Action item -
Within the records below, reproduce without change the lines from the line that has "I = [set x |" through the line that has "Definition isolated_in_inverse_Max (M", and only those.

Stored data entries
'''

(* Let $R$ be an almost Dedekind domain and $M\in\mathrm{Max}(R)$. Then $M$ is an isolated point of $\mathcal{M}$ if and only if $M$ is finitely generated.
   Context: $R$ almost Dedekind: $R_M$ is a DVR for every maximal $M$. $\mathcal{M}$ is $\mathrm{Max}(R)$ with the inverse topology, i.e. the restriction of the coarsest topology on $\mathrm{Spec}(R)$ in which every Zariski-open Zariski-compact subset is closed (on $\mathrm{Max}(R)$ it coincides with the constructible topology). *)

From HB Require Import structures.
From mathcomp Require Import all_boot all_order all_algebra.
From mathcomp Require Import fraction.
From mathcomp Require Import boolp classical_sets.
Set Implicit Arguments. Unset Strict Implicit. Unset Printing Implicit Defensive.
Import Order.TTheory GRing.Theory Num.Theory.
Local Open Scope classical_set_scope.
Local Open Scope ring_scope.

Section Defs.
Variable R : idomainType.

Definition is_ideal (I : set R) : Prop :=
  I 0 /\ (forall x y, I x -> I y -> I (x + y)) /\ (forall a x, I x -> I (a * x)).

Definition prime_ideal (P : set R) : Prop :=
  is_ideal P /\ ~ P 1 /\ (forall x y, P (x * y) -> P x \/ P y).

Definition maximal_ideal (M : set R) : Prop :=
  is_ideal M /\ ~ M 1 /\
  (forall J : set R, is_ideal J -> M `<=` J -> J = M \/ J = setT).

Definition finitely_generated (I : set R) : Prop :=
  exists (n : nat) (a : 'I_n -> R),
    I = [set x | exists c : 'I_n -> R, x = \sum_(i < n) c i * a i].

Definition localization (M : set R) : set {fraction R} :=
  [set z | exists a s : R, ~ M s /\ z = FracField.tofrac a / FracField.tofrac s].

(* S is a DVR: the valuation ring of a discrete valuation v : K^* ->> Z
   of the fraction field K (Atiyah-Macdonald, ch. 9). *)
Definition is_DVR (S : set {fraction R}) : Prop :=
  exists v : {fraction R} -> int,
    (forall x y, x != 0 -> y != 0 -> v (x * y) = v x + v y) /\
    (forall x y, x != 0 -> y != 0 -> x + y != 0 ->
        Order.min (v x) (v y) <= v (x + y)) /\
    (forall n : int, exists x, x != 0 /\ v x = n) /\
    S = [set x | x = 0 \/ (x != 0 /\ 0 <= v x)].

Definition almost_Dedekind : Prop :=
  forall M : set R, maximal_ideal M -> is_DVR (localization M).

Definition Spec : set (set R) := [set P | prime_ideal P].
Definition MaxSpec : set (set R) := [set M | maximal_ideal M].

Definition zariski_open (U : set (set R)) : Prop :=
  exists I : set R, U = [set P | prime_ideal P /\ ~ (I `<=` P)].

Definition zariski_compact (U : set (set R)) : Prop :=
  forall C : set (set (set R)), (forall V, C V -> zariski_open V) ->
    U `<=` \bigcup_(V in C) V ->
    exists s : seq (set (set R)), (forall V, V \in s -> C V) /\
      U `<=` \bigcup_(V in [set V | V \in s]) V.

Definition is_topology_on_Spec (T : set (set (set R))) : Prop :=
  T Spec /\ (forall U, T U -> U `<=` Spec) /\
  (forall C : set (set (set R)), C `<=` T -> T (\bigcup_(U in C) U)) /\
  (forall U V, T U -> T V -> T (U `&` V)).

(* Inverse topology: the coarsest topology on Spec(R) in which every
   Zariski-open Zariski-compact subset is closed. *)
Definition inverse_open (U : set (set R)) : Prop :=
  forall T, is_topology_on_Spec T ->
    (forall K, zariski_open K -> zariski_compact K -> T (Spec `\` K)) -> T U.

Definition isolated_in_inverse_Max (M : set R) : Prop :=
  exists U, inverse_open U /\ U `&` MaxSpec = [set M].

End Defs.

(* In the inverse topology the open sets are unions of zero loci V(s) of finite
   sets s, so M is isolated in Max(R) iff V(s) meets Max(R) only in M for some
   finite s contained in M. If M = (a_1, ..., a_n), then V(M) is the complement
   of the quasi-compact open D(M) and meets Max(R) only in M. Conversely, given
   such an s and a generator t of the maximal ideal of the DVR R_M, the ideal
   (t, s) agrees with M locally at every maximal ideal, hence equals M. *)
From mathcomp Require Import all_boot all_order all_algebra.
From mathcomp Require Import fraction boolp classical_sets ring zify.
Set Implicit Arguments. Unset Strict Implicit. Unset Printing Implicit Defensive.
Import Order.TTheory GRing.Theory Num.Theory.
Local Open Scope classical_set_scope.
Local Open Scope ring_scope.

Section Ideals.
Variable R : idomainType.
Implicit Types (a x y : R) (I J L P Q N : set R).

Lemma ideal0 I : is_ideal I -> I 0.
Proof. by case. Qed.

Lemma idealD I x y : is_ideal I -> I x -> I y -> I (x + y).
Proof. by case=> _ [+ _]; apply. Qed.

Lemma idealMl I a x : is_ideal I -> I x -> I (a * x).
Proof. by case=> _ [_]; apply. Qed.

Lemma idealMr I x a : is_ideal I -> I x -> I (x * a).
Proof. by rewrite mulrC; apply: idealMl. Qed.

'''

Response -
    I = [set x | exists c : 'I_n -> R, x = \sum_(i < n) c i * a i].

Definition localization (M : set R) : set {fraction R} :=
  [set z | exists a s : R, ~ M s /\ z = FracField.tofrac a / FracField.tofrac s].

(* S is a DVR: the valuation ring of a discrete valuation v : K^* ->> Z
   of the fraction field K (Atiyah-Macdonald, ch. 9). *)
Definition is_DVR (S : set {fraction R}) : Prop :=
  exists v : {fraction R} -> int,
    (forall x y, x != 0 -> y != 0 -> v (x * y) = v x + v y) /\
    (forall x y, x != 0 -> y != 0 -> x + y != 0 ->
        Order.min (v x) (v y) <= v (x + y)) /\
    (forall n : int, exists x, x != 0 /\ v x = n) /\
    S = [set x | x = 0 \/ (x != 0 /\ 0 <= v x)].

Definition almost_Dedekind : Prop :=
  forall M : set R, maximal_ideal M -> is_DVR (localization M).

Definition Spec : set (set R) := [set P | prime_ideal P].
Definition MaxSpec : set (set R) := [set M | maximal_ideal M].

Definition zariski_open (U : set (set R)) : Prop :=
  exists I : set R, U = [set P | prime_ideal P /\ ~ (I `<=` P)].

Definition zariski_compact (U : set (set R)) : Prop :=
  forall C : set (set (set R)), (forall V, C V -> zariski_open V) ->
    U `<=` \bigcup_(V in C) V ->
    exists s : seq (set (set R)), (forall V, V \in s -> C V) /\
      U `<=` \bigcup_(V in [set V | V \in s]) V.

Definition is_topology_on_Spec (T : set (set (set R))) : Prop :=
  T Spec /\ (forall U, T U -> U `<=` Spec) /\
  (forall C : set (set (set R)), C `<=` T -> T (\bigcup_(U in C) U)) /\
  (forall U V, T U -> T V -> T (U `&` V)).

(* Inverse topology: the coarsest topology on Spec(R) in which every
   Zariski-open Zariski-compact subset is closed. *)
Definition inverse_open (U : set (set R)) : Prop :=
  forall T, is_topology_on_Spec T ->
    (forall K, zariski_open K -> zariski_compact K -> T (Spec `\` K)) -> T U.

Definition isolated_in_inverse_Max (M : set R) : Prop :=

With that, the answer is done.